カンヌ映画祭日記② 5/14

  今日からは週末ということで、とりわけパレ周辺は観光客でごったがえしていて、会場への移動が本当に大変だ。交通規制もあり、目の前、5メートル先にある会場に入るために1キロ以上遠回りさせられる。さらに様々な上映で足止めをくらい、かなり前から並んでも上映に入れない。優先順位の高い魔法のピンクパスを持ってるジャーナリストが会場に吸い込まれていくのを横目に、一時間近く待つものの満員で入れず途方にくれたり…。とりわけコンペ作品に関しては、取材はもちろんのこと、コンフェランスも優先順位の高いパスを持っているジャーナリストで満員。私たちの入る隙はないようだ。待っている時間にもう一本映画が見れると思うと悲しいかなどうしても足が向かなくなる。

 

   さてさて、愚痴はこのくらいにしておいて、今日の一本目は、監督週間での上映『La fin du silence』。監督はRorand Edgard。今まで数本の短編を制作していて、この作品は長編一作目ということだ。それにしても主演の若い俳優がすごい。まさに映画顔。そして全編に漂う不穏さが尋常ではない。監督週間は会場もよりにコンフェランスのスペースが設置されていてプレスのレベルに関係なく自由に出入り出来るため、上映後のQ&Aに参加することができた。若い監督だからか製作がいかに大変だったか、時間がない、資金がない、そして、いかにシンプルな方法で作品を制作したかということが中心だった。監督週間の作品はこれで三本目、なんとなく全体的に重いので気分を変えようとカンヌ初コンペ作『Michel』を見に行く。オーストリア出身のMarkas Schleinzerもはたまた長編第一作目の監督で、製作はフィルムローザンジュ。
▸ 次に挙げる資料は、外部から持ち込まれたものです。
Lemma ordered_coord_neq nu u i j : coord i -> coord j -> i <> j -> ordered nu u -> u i <> u j.
Proof.
intros Hi Hj Hij (? & ? & ?).
destruct Hi as [-> | [-> | ->]]; destruct Hj as [-> | [-> | ->]]; try congruence; lra.
Qed.

Lemma speed_ratio_identity G Gi Gj Gij ui uj gam :
  Gi <> 0 -> Gj <> 0 -> ui <> uj -> 2 * (ui - uj) * Gij = Gi - Gj ->
  gam - G / Gi <> gam - G / Gj ->
  (1 - (Gj * Gi - G * Gij) / Gi ^ 2) / (gam - G / Gi - (gam - G / Gj)) =
  / 2 * ((gam - G / Gi - gam - 2 * (ui - uj)) / ((gam - G / Gj - gam) * (ui - uj))).
Proof.
intros Hi Hj Hu Hepd Hne.
assert (HG : G <> 0) by (intros ->; apply Hne; unfold Rdiv; ring).
assert (Hij : Gi - Gj <> 0) by (intros HGG; apply Hne; replace Gj with Gi by lra; reflexivity).
replace Gij with ((Gi - Gj) / (2 * (ui - uj))).
2: { rewrite <- Hepd; field; lra. }
field; repeat split; auto; try lra.
replace ((gam * Gi - G) * Gj - (gam * Gj - G) * Gi) with (G * (Gi - Gj)) by ring.
apply Rmult_integral_contrapositive; split; assumption.
Qed.

Theorem lemma2p3 (nu : R) (u : nat -> R) :
  - nu < u 3%nat -> u 3%nat < u 2%nat -> u 2%nat < u 1%nat ->
  forall i j : nat,
    (i = 1%nat \/ i = 2%nat \/ i = 3%nat) ->
    (j = 1%nat \/ j = 2%nat \/ j = 3%nat) ->
    i <> j ->
    lambda nu i u <> lambda nu j u ->
    partial (lambda nu i) j u / (lambda nu i u - lambda nu j u) =
    / 2 * (((lambda nu i u - gamma nu u) - 2 * (u i - u j)) /
           ((lambda nu j u - gamma nu u) * (u i - u j))).
Proof.
intros H3 H2 H1 i j Hi Hj Hij Hne.
assert (Hu : ordered nu u) by (repeat split; assumption).
rewrite partial_lambda by assumption.
rewrite (lambda_I_eta nu u i), (lambda_I_eta nu u j) in * by assumption.
apply speed_ratio_identity; try assumption.
- apply I_eta_d_neq0; assumption.
- apply I_eta_d_neq0; assumption.
- apply (ordered_coord_neq nu); assumption.
- apply I_eta_epd; assumption.
Qed.
(* For every positive integer $r$, the symplectic graph $Sp(2r)$ is not $3$-e.c.
   Context: A graph $G$ with vertex set $V$ is $n$-e.c. ($n$-existentially complete) if for every pair of disjoint subsets $A,B\subseteq V$ with $|A\cup B|=n$ (either of $A$, $B$ may be empty) there is a vertex $z\notin A\cup B$ adjacent to every vertex of $A$ and to no vertex of $B$. Let $\mathbb{F}_2$ be the binary field and $N$ the $2r\times 2r$ block-diagonal matrix over $\mathbb{F}_2$ with $r$ diagonal blocks equal to $\begin{pmatrix}0&1\\1&0\end{pmatrix}$. The symplectic graph $Sp(2r)$ has vertex set $\mathbb{F}_2^{2r}\setminus\{0\}$, with distinct vertices $x,y$ adjacent if and only if $x^T N y=1$. *)

From HB Require Import structures.
From mathcomp Require Import all_boot all_order all_algebra.
Set Implicit Arguments. Unset Strict Implicit. Unset Printing Implicit Defensive.
Import GRing.Theory.
Local Open Scope ring_scope.

Definition is_nec (T : finType) (adj : rel T) (n : nat) : Prop :=
  forall A B : {set T}, [disjoint A & B] -> #|A :|: B| = n ->
    exists z : T, z \notin A :|: B /\
      (forall a, a \in A -> adj z a) /\ (forall b, b \in B -> ~~ adj z b).

(* The 2r x 2r block-diagonal matrix over F_2 with r blocks [[0,1],[1,0]]:
   entry (i,j) is 1 iff i and j lie in the same 2x2 block and i <> j. *)
Definition sympN (r : nat) : 'M['F_2]_(r.*2) :=
  \matrix_(i, j) (if ((i %/ 2 == j %/ 2)%N && (i != j)) then 1 else 0).

Definition sp_vertex (r : nat) := {v : 'rV['F_2]_(r.*2) | v != 0}.

Definition sp_adj (r : nat) : rel (sp_vertex r) :=
  fun x y => (x != y) && ((val x *m sympN r *m (val y)^T) 0 0 == 1).

From HB Require Import structures.
From mathcomp Require Import all_boot all_order all_algebra.
Set Implicit Arguments. Unset Strict Implicit. Unset Printing Implicit Defensive.
Import GRing.Theory.
Local Open Scope ring_scope.

(* Take distinct nonzero x, y (possible as 2r >= 2) and the third vertex x + y.
   A common neighbour z of x and y satisfies z N x^T = z N y^T = 1, so over F_2
   bilinearity gives z N (x + y)^T = 0: no vertex is adjacent to all of
   {x, y, x + y}, which violates the 3-e.c. property with B empty. *)

Lemma not_3ec_of_no_common_neighbour (T : finType) (adj : rel T) (a b c : T) :
  a != b -> a != c -> b != c ->
  (forall z, adj z a -> adj z b -> ~~ adj z c) -> ~ is_nec adj 3.
Proof.
move=> ab ac bc noz ec3.
have [||z [_ [adjz _]]] := ec3 [set a; b; c] set0.
- by rewrite -setI_eq0 setI0.
- by rewrite setU0 setUC !cardsU1 cards1 !inE negb_or ![c == _]eq_sym ab ac bc.
have [ina inb inc] : [/\ a \in [set a; b; c], b \in [set a; b; c] & c \in [set a; b; c]].
  by rewrite !inE !eqxx ?orbT.
by move: (noz z (adjz a ina) (adjz b inb)); rewrite adjz.
Qed.

Lemma addmx_eq0_pchar2 (R : nzRingType) m n (A B : 'M[R]_(m, n)) :
  2%N \in [pchar R] -> (A + B == 0) = (A == B).
Proof.
move=> char2; rewrite addr_eq0; congr (_ == _).
by apply/matrixP => i j; rewrite mxE oppr_pchar2.
Qed.

Lemma exists_distinct_nonzero_rV (R : nzRingType) n : (1 < n)%N ->
  exists u v : 'rV[R]_n, [/\ u != 0, v != 0 & u != v].
Proof.
case: n => [|[|n]] // _.
have e1 (i : 'I_n.+2) : delta_mx 0 i 0 i = 1 :> R by rewrite mxE !eqxx.
exists (delta_mx 0 0), (delta_mx 0 1); split; apply/eqP => /matrixP.
- by move/(_ 0 0); rewrite e1 mxE; apply/eqP; rewrite oner_eq0.
- by move/(_ 0 1); rewrite e1 mxE; apply/eqP; rewrite oner_eq0.
- by move/(_ 0 0); rewrite e1 mxE; apply/eqP; rewrite oner_eq0.
Qed.

Lemma form_addr_pchar2 (R : nzRingType) m n (M : 'M[R]_(m, n))
    (z : 'rV_m) (x y : 'rV_n) : 2%N \in [pchar R] ->
  (z *m M *m x^T) 0 0 = 1 -> (z *m M *m y^T) 0 0 = 1 ->
  (z *m M *m (x + y)^T) 0 0 = 0.
Proof.
by move=> char2 zx zy; rewrite linearD /= mulmxDr [LHS]mxE zx zy addrr_pchar2.
Qed.

Lemma sp_common_neighbour_nonadj_sum r (x y w : sp_vertex r) : val w = val x + val y ->
  forall z, sp_adj z x -> sp_adj z y -> ~~ sp_adj z w.
Proof.
rewrite /sp_adj => wE z; rewrite wE => /andP[_ /eqP zx] /andP[_ /eqP zy].
by rewrite form_addr_pchar2 ?pchar_Fp ?andbF.
Qed.

Lemma sp_sum_triple r : (0 < r)%N ->
  exists x y w : sp_vertex r, [/\ x != y, x != w, y != w & val w = val x + val y].
Proof.
move=> r_gt0; have n_gt1 : (1 < r.*2)%N by rewrite (leq_double 1 r).
have [u [v [u0 v0 uv]]] := exists_distinct_nonzero_rV 'F_2 n_gt1.
have uv0 : u + v != 0 by rewrite addmx_eq0_pchar2 ?pchar_Fp.
exists (exist _ u u0), (exist _ v v0), (exist _ (u + v) uv0).
split=> //; rewrite -val_eqE /=.
- by rewrite eq_sym -subr_eq0 addrC addKr.
- by rewrite eq_sym -subr_eq0 addrK.
Qed.

Theorem mainTheorem1 : forall r : nat, (0 < r)%N -> ~ is_nec (@sp_adj r) 3.
Proof.
move=> r r_gt0; have [x [y [w [xy xw yw wE]]]] := sp_sum_triple r_gt0.
exact: (not_3ec_of_no_common_neighbour xy xw yw (sp_common_neighbour_nonadj_sum wE)).
Qed.
(* Let $q\in(0,1]$, $\eta\in(0,1]$, $R_0^*>0$, $m_1>0$. Assume [A12]: (i) for every $T\in\mathbb T$, $\mathbb H_T$ is almost surely thrice differentiable in $\theta$ on $B^*=\{\theta\in\Theta:|\theta-\theta^*|<R_0^*\}$; (ii) $\sup_{T}E[\|a_T\|^{m_1}|\partial_\theta\mathbb H_T(\theta^* )|^{m_1}]<\infty$; (iii) $\sup_{T}E[\|a_T\|^{2m_1}\sup_{\theta\in B^*}|\partial_\theta^2\mathbb H_T(\theta)|^{m_1}]<\infty$; (iv) $\sup_{T}E[\|a_T\|^{2m_1}\sup_{\theta\in B^*}|\partial_\theta^3\mathbb H_T(\theta)|^{m_1}]<\infty$ (suprema over $T\in\mathbb T$). Then for every $m_2>0$ there exist constants $R_0>0$ and $K>0$ such that $$c_T\Bigl(\frac{m_1m_2}{qm_1+m_2},R_0\Bigr)\le K\|a_T\|^{-\frac{\eta(2-q)m_1m_2}{qm_1+m_2}}\bigl(E[\|G_T^{(00)}\|^{m_2}]\bigr)^{\frac{qm_1}{qm_1+m_2}}$$ for every $T\in\mathbb T$ with $\|a_T\|\le1$.
   Context: Let $\Theta\subset\mathbb R^{\mathsf p}$ be a bounded open set with closure $\overline\Theta$ and $\theta^*\in\Theta$. Let $(\Omega,\mathcal F,P)$ be a probability space, $\mathbb T\subset\mathbb R_{\ge0}$ with $\sup\mathbb T=\infty$. For each $T\in\mathbb T$, $\mathbb H_T:\Omega\times\overline\Theta\to\mathbb R$ is a random field continuous in $\theta$ for every $\omega$; $\partial_\theta^k\mathbb H_T$ denotes its $k$-th derivative tensor. Penalty weights $\xi_T^j>0$ ($j=1,\dots,\mathsf p$) are (possibly random). $\mathcal J^{(0)}=\{j:\theta^*_j=0\}$, $\mathcal J^{(1)}=\{j:\theta^*_j\ne0\}$; $A^{(00)}=(A_{ij})_{i,j\in\mathcal J^{(0)}}$. $a_T=\mathrm{diag}(\alpha_T^1,\dots,\alpha_T^{\mathsf p})$ is deterministic, invertible, with $\|a_T\|\to0$ ($\|\cdot\|$ spectral norm); $\mathbb U_T=\{u:\theta^*+a_Tu\in\overline\Theta\}$. $\tilde a_T$ is diagonal with $(\tilde a_T)_{jj}=(\xi_T^j)^{-1/q}$ for $j\in\mathcal J^{(0)}$ and $\alpha_T^j$ for $j\in\mathcal J^{(1)}$; $G_T=a_T^{-1}\tilde a_T$. For $R>0$, $\mathsf c_{T,R}=\sup\frac{|\mathbb H_T(\theta^*+a_Tu)-\mathbb H_T(\theta^*+a_Tv)|}{|u-v|^q}$ over $u,v\in\mathbb U_T$, $u\ne v$, $|a_Tu|,|a_Tv|<R\|a_T\|^{1-\eta}$; for $m>0$, $c_T(m,R)=E[|\mathsf c_{T,R}|^{m}\|G_T^{(00)}\|^{qm}]$ (possibly $\infty$). *)

From HB Require Import structures.
From mathcomp Require Import all_boot all_order all_algebra.
From mathcomp Require Import all_classical all_reals all_analysis.
From mathcomp Require Import lebesgue_measure measurable_realfun.
Set Implicit Arguments. Unset Strict Implicit. Unset Printing Implicit Defensive.
Import Order.TTheory GRing.Theory Num.Theory.
Import numFieldNormedType.Exports.
Local Open Scope classical_set_scope.
Local Open Scope ring_scope.

Definition enorm {R : realType} {n : nat} (x : 'rV[R]_n) : R :=
  Num.sqrt (\sum_(i < n) x 0 i ^+ 2).

Definition opnorm {R : realType} {n : nat} (A : 'M[R]_n) : R :=
  sup [set enorm (x *m A) | x in [set x : 'rV[R]_n | enorm x <= 1]].

Definition pderiv {R : realType} {p : nat} (f : 'rV[R]_p -> R) (i : 'I_p)
  : 'rV[R]_p -> R := fun x => derive f x (delta_mx 0 i).

Definition thrice_diff_on {R : realType} {p : nat} (B : set 'rV[R]_p)
  (f : 'rV[R]_p -> R) : Prop :=
  forall x, B x ->
    [/\ differentiable f x,
        forall i, differentiable (pderiv f i) x &
        forall i j, differentiable (pderiv (pderiv f i) j) x].

Definition dnorm1 {R : realType} {p : nat} (f : 'rV[R]_p -> R) x : R :=
  Num.sqrt (\sum_(i < p) (pderiv f i x) ^+ 2).
Definition dnorm2 {R : realType} {p : nat} (f : 'rV[R]_p -> R) x : R :=
  Num.sqrt (\sum_(i < p) \sum_(j < p) (pderiv (pderiv f i) j x) ^+ 2).
Definition dnorm3 {R : realType} {p : nat} (f : 'rV[R]_p -> R) x : R :=
  Num.sqrt (\sum_(i < p) \sum_(j < p) \sum_(k < p)
              (pderiv (pderiv (pderiv f i) j) k x) ^+ 2).

Definition J0 {R : realType} {p : nat} (ts : 'rV[R]_p) : {set 'I_p} :=
  [set j | ts 0 j == 0].

Definition atilde {R : realType} {p : nat} (ts : 'rV[R]_p) (q : R)
  (xi alpha : 'I_p -> R) : 'M[R]_p :=
  diag_mx (\row_j (if ts 0 j == 0 then powR (xi j) (- q^-1) else alpha j)).

Definition Gmat {R : realType} {p : nat} (ts : 'rV[R]_p) (q : R)
  (xi alpha : 'I_p -> R) : 'M[R]_p :=
  invmx (diag_mx (\row_j alpha j)) *m atilde ts q xi alpha.

Definition G00 {R : realType} {p : nat} (ts : 'rV[R]_p) (q : R)
  (xi alpha : 'I_p -> R) : 'M[R]_(#|J0 ts|) :=
  mxsub (@enum_val _ (mem (J0 ts))) (@enum_val _ (mem (J0 ts)))
        (Gmat ts q xi alpha).

(* c_{T,R} for a single realization h = H_T(omega, .) *)
Definition cTR {R : realType} {p : nat} (Theta : set 'rV[R]_p)
  (ts : 'rV[R]_p) (alpha : 'I_p -> R) (q eta Rr : R) (h : 'rV[R]_p -> R)
  : \bar R :=
  let a := diag_mx (\row_j alpha j) in
  let inU u := closure Theta (ts + u *m a) /\
               enorm (u *m a) < Rr * powR (opnorm a) (1 - eta) in
  ereal_sup [set c | exists u v : 'rV[R]_p,
     [/\ u != v, inU u, inU v &
       c = ((`|h (ts + u *m a) - h (ts + v *m a)|
              / powR (enorm (u - v)) q)%:E)]].

Definition cT {R : realType} {d : measure_display} {Omega : measurableType d}
  (P : probability Omega R) {p : nat} (Theta : set 'rV[R]_p)
  (ts : 'rV[R]_p) (alpha : 'I_p -> R) (xi : Omega -> 'I_p -> R)
  (H : Omega -> 'rV[R]_p -> R) (q eta m Rr : R) : \bar R :=
  (\int[P]_w (poweR `|cTR Theta ts alpha q eta Rr (H w)|%E m
                * (powR (opnorm (G00 ts q (xi w) alpha)) (q * m))%:E))%E.

From HB Require Import structures.
From mathcomp Require Import all_boot all_order all_algebra.
From mathcomp Require Import all_classical all_reals all_analysis.
From mathcomp Require Import lebesgue_measure measurable_realfun.
From mathcomp Require Import ring lra.
Import Order.TTheory GRing.Theory Num.Theory.
Import numFieldNormedType.Exports.
Local Open Scope classical_set_scope.
Local Open Scope ring_scope.

Set Implicit Arguments. Unset Strict Implicit. Unset Printing Implicit Defensive.

(* Fix T and a realization w for which H_T is thrice differentiable on B* and
   S := sup_{B*} |d^2 H_T| is finite (almost every w, by [A12](i),(iii)).
   Every point ts + a_T u of the localisation set lies in the sup-norm ball
   of radius r = R0 ||a_T||^(1-eta) around ts, so two applications of the
   mean value theorem give
     |H_T(ts + a_T u) - H_T(ts + a_T v)| <= p (|dH_T(ts)| + p r S) |a_T (u - v)|.
   Writing |a_T (u - v)| = |a_T (u - v)|^(1-q) |a_T (u - v)|^q and using
   |a_T (u - v)| <= 2 p r and |a_T (u - v)| <= ||a_T|| |u - v| yields
     c_{T,R0} <= 4 p^3 ||a_T||^(-eta (2-q)) (X1 + X2)^(1/m1),
   where X1 = ||a_T||^m1 |dH_T(ts)|^m1 and X2 = ||a_T||^(2 m1) S^m1 have
   expectations bounded by [A12](ii),(iii). Hoelder's inequality with the
   conjugate exponents m1/m and m2/(q m), m = m1 m2/(q m1 + m2), separates this
   factor from ||G^(00)_T||^(q m). *)

Section RowVectorNorms.
Variables (R : realType) (n : nat).
Implicit Types x d : 'rV[R]_n.

Lemma normr_rVE x : `|x| = \big[Num.max/0]_ij `|x ij.1 ij.2|.
Proof. exact: mx_normrE. Qed.

Lemma normr_le_sqrt_sumsqr (I : finType) (F : I -> R) i :
  `|F i| <= Num.sqrt (\sum_j F j ^+ 2).
Proof.
rewrite -sqrtr_sqr ler_sqrt ?sumr_ge0// => [|j _]; last exact: sqr_ge0.
by rewrite (bigD1 i)//= lerDl sumr_ge0// => j _; exact: sqr_ge0.
Qed.

Lemma enorm_ge0 x : 0 <= enorm x.
Proof. exact: sqrtr_ge0. Qed.

Lemma enorm_coord x i : `|x 0 i| <= enorm x.
Proof. exact: (normr_le_sqrt_sumsqr (fun j => x 0 j)). Qed.

Lemma enorm0 : enorm (0 : 'rV[R]_n) = 0.
Proof. by rewrite /enorm big1 ?sqrtr0// => i _; rewrite mxE expr0n. Qed.

Lemma enorm_gt0 x : x != 0 -> 0 < enorm x.
Proof.
move=> x0; have [i xi0] : exists i, x 0 i != 0.
  apply/existsP; apply: contraNT x0 => /existsPn x0.
  by apply/eqP/rowP => i; rewrite mxE; apply/eqP/negPn.
by apply: lt_le_trans (enorm_coord x i); rewrite normr_gt0.
Qed.

Lemma enormZ (c : R) x : enorm (c *: x) = `|c| * enorm x.
Proof.
rewrite /enorm -sqrtr_sqr -sqrtrM ?sqr_ge0 // mulr_sumr.
by congr Num.sqrt; apply: eq_bigr => i _; rewrite mxE exprMn.
Qed.

Lemma enorm_delta j : enorm (delta_mx 0 j : 'rV[R]_n) = 1.
Proof.
rewrite /enorm (bigD1 j)//= big1 => [|i ij]; last by rewrite mxE (negbTE ij) expr0n.
by rewrite mxE !eqxx expr1n addr0 sqrtr1.
Qed.

Lemma coord_le_mx_norm x i : `|x 0 i| <= `|x|.
Proof. by rewrite normr_rVE (le_bigmax _ _ (0, i)). Qed.

Lemma mx_norm_le_enorm x : `|x| <= enorm x.
Proof.
rewrite normr_rVE; apply: bigmax_le => [|[i j] _]; first exact: enorm_ge0.
by rewrite ord1; exact: enorm_coord.
Qed.

Lemma enorm_le_mx_norm x : enorm x <= n%:R * `|x|.
Proof.
rewrite /enorm -(ger0_norm (mulr_ge0 (ler0n _ n) (normr_ge0 x))) -sqrtr_sqr.
rewrite ler_sqrt ?sqr_ge0 //.
apply: (@le_trans _ _ (\sum_(i < n) `|x| ^+ 2)).
  apply: ler_sum => i _; rewrite -real_normK ?num_real //.
  by rewrite lerXn2r ?nnegrE ?coord_le_mx_norm.
rewrite sumr_const card_ord -[_ *+ n]mulr_natl exprMn.
apply: ler_wpM2r; first exact: sqr_ge0.
by case: n => [|k]; rewrite ?expr0n // expr2 ler_peMl // ler1n.
Qed.

Lemma enorm_mul_diag_le x d : enorm (x *m diag_mx d) <= `|d| * enorm x.
Proof.
rewrite /enorm -(ger0_norm (normr_ge0 d)) -sqrtr_sqr -sqrtrM ?sqr_ge0 //.
rewrite ler_sqrt ?mulr_ge0 ?sqr_ge0 ?sumr_ge0 // => [|j _]; last exact: sqr_ge0.
rewrite mulr_sumr; apply: ler_sum => j _.
rewrite mul_mx_diag !mxE exprMn mulrC ler_wpM2r ?sqr_ge0 //.
by rewrite -real_normK ?num_real // lerXn2r ?nnegrE ?normr_id ?coord_le_mx_norm.
Qed.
子供のスチールを全面に出していたので、子供映画なのかと思っていたらだいぶ趣が異なっていた。一人の男と子供、母親の不在。二人での食卓、二人で過ごすクリスマス…でも、離婚後のシングルファザーの話ではない。ネタばれするので言えないけど、これもまた重い。その後はある視点部門の『17 filles』のために別会場に移動しようとすると突然の雨に降られる。雨に負けずに待ったのに、結局は入れずじまい。やっぱり面白い作品を見るためには並ばないといけないのかー。

 本日最後は、念願のモレッティ。会う人会う人が傑作だと話していたので、確認作業のようなものだけど、見て良かった。これまでの1日目、二日目とだいぶ低空飛行している感が否めない。早くまだ見ぬ傑作に出会いたい!